=== Section Start ===
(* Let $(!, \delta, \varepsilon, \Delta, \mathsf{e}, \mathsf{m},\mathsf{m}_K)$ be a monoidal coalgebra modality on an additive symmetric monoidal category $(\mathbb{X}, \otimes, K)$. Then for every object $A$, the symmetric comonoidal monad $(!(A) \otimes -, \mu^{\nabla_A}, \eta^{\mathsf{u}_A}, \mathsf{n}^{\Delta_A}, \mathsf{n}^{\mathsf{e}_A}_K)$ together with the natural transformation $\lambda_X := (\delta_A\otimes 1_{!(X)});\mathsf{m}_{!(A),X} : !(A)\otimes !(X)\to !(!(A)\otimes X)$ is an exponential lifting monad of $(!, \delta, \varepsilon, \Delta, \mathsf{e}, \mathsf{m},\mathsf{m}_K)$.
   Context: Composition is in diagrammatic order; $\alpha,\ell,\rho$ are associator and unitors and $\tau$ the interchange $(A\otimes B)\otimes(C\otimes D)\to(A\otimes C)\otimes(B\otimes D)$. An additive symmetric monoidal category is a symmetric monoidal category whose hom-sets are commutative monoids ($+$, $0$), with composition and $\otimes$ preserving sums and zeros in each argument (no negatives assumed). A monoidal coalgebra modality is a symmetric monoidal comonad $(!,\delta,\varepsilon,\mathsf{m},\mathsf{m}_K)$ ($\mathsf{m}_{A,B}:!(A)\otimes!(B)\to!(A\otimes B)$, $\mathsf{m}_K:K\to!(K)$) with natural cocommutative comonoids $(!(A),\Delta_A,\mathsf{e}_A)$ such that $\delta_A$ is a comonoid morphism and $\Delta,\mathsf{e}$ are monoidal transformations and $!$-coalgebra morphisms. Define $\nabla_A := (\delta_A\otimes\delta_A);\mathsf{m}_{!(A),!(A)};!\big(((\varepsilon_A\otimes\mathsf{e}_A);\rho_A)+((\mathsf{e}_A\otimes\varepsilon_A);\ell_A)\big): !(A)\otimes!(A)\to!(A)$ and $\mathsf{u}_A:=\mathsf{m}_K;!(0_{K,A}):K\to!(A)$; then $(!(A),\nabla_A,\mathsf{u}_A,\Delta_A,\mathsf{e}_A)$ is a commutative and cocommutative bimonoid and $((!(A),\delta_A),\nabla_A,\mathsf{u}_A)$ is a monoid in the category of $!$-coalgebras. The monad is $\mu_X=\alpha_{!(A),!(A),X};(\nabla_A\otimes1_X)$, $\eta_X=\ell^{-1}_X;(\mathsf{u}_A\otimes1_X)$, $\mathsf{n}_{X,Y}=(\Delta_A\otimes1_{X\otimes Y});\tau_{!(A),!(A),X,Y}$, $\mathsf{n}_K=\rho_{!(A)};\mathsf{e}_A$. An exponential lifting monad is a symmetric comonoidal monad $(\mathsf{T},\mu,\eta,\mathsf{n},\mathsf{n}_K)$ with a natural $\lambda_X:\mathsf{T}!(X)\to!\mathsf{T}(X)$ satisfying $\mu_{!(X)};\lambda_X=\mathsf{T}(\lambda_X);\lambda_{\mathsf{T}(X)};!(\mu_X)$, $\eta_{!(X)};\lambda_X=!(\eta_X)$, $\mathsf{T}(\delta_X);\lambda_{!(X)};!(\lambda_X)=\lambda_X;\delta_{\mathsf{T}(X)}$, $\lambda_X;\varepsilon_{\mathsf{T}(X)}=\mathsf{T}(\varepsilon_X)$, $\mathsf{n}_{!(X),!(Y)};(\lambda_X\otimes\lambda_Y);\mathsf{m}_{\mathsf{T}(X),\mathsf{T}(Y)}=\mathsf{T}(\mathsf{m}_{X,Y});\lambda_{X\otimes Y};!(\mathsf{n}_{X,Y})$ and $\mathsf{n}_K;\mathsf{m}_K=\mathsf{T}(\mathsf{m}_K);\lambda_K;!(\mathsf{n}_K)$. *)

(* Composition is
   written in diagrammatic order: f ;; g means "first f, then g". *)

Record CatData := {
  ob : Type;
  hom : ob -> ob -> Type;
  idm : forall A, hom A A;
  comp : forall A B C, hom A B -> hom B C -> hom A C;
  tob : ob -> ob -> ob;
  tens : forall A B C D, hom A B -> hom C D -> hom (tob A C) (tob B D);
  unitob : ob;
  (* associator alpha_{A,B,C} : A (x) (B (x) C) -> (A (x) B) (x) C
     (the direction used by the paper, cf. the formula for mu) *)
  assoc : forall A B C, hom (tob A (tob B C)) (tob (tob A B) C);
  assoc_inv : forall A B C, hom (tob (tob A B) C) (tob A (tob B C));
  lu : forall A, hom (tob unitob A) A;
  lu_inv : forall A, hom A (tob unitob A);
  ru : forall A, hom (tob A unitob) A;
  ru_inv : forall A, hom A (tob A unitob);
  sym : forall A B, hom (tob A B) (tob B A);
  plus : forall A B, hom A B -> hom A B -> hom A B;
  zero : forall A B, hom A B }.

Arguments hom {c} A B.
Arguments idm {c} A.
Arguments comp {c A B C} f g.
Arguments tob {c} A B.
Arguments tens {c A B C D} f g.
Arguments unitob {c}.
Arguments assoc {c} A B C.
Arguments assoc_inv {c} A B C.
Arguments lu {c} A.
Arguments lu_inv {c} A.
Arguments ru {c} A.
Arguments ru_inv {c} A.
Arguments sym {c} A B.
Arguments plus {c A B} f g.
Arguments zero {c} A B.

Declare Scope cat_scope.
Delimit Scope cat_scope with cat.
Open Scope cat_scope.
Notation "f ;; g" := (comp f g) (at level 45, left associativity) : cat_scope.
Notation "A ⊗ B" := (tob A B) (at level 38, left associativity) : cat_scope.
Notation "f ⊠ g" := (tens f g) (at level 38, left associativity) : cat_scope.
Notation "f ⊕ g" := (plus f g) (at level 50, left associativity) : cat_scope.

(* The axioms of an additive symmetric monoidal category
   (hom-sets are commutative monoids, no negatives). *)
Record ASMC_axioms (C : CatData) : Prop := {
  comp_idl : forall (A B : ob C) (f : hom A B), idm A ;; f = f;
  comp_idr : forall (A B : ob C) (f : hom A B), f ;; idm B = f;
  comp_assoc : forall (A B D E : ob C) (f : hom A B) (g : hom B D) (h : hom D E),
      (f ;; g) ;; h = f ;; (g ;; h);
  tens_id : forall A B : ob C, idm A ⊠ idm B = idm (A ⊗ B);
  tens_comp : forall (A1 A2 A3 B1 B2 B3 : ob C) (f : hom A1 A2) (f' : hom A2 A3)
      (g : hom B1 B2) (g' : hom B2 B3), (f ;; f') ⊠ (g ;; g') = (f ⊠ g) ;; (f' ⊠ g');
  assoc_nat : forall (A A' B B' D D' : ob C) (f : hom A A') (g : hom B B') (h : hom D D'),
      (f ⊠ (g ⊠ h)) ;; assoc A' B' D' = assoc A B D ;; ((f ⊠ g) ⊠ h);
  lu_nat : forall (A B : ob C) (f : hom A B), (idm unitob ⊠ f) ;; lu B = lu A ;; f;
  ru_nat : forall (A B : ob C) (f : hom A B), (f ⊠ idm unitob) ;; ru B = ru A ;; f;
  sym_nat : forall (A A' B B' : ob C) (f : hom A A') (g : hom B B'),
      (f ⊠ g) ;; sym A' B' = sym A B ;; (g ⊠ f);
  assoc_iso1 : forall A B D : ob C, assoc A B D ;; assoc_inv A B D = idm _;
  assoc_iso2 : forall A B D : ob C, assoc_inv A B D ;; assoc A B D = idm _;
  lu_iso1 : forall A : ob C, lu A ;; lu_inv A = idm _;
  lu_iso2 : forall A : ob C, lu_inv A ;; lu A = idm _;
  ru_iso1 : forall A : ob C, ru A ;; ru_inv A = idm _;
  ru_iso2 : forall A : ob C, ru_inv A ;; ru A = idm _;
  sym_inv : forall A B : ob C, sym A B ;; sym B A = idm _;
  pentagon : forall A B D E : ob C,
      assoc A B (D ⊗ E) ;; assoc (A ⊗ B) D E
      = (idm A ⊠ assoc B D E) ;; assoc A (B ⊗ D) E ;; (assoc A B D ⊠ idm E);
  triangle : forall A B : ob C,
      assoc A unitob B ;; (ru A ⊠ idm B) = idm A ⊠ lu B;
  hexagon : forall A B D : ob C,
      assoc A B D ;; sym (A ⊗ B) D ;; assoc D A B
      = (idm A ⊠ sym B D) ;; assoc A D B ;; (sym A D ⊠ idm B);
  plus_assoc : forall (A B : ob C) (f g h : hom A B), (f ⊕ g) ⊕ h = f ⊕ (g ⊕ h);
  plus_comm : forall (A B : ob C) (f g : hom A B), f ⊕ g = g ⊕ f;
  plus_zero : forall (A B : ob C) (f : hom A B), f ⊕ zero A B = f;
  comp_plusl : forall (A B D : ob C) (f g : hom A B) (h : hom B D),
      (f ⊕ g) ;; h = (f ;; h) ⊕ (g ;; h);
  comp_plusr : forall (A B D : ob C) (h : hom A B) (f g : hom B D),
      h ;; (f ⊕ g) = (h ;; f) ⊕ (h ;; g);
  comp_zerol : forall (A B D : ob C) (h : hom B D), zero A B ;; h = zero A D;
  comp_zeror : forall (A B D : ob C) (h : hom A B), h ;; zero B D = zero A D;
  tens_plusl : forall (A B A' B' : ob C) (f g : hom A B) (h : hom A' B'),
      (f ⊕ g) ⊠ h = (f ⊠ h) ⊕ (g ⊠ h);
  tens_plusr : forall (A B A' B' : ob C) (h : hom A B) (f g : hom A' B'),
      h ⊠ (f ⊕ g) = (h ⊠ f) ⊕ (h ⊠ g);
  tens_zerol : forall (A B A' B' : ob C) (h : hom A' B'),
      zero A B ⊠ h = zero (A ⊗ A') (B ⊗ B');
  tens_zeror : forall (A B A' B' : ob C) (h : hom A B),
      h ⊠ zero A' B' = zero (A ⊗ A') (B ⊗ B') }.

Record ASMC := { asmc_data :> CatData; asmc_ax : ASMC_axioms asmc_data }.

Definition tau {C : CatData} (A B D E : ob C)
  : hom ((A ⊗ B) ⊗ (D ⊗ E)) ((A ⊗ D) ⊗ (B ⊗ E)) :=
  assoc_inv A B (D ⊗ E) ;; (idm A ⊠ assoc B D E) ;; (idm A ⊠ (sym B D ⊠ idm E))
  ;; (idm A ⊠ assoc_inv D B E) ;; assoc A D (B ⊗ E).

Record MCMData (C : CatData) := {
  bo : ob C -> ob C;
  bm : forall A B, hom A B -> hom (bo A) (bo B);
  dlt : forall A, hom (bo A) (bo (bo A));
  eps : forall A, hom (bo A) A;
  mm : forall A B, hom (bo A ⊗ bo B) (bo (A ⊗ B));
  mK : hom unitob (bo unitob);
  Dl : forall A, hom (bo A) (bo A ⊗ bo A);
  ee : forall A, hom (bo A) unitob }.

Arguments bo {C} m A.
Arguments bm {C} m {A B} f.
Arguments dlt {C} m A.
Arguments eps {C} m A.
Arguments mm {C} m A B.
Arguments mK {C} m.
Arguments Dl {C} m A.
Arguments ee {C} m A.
=== Section End ===
_Task goal_
Look above for every line with the word "Record" and copy it.

_Answer_
Record CatData := {
Record ASMC_axioms (C : CatData) : Prop := {
Record ASMC := { asmc_data :> CatData; asmc_ax : ASMC_axioms asmc_data }.
Record MCMData (C : CatData) := {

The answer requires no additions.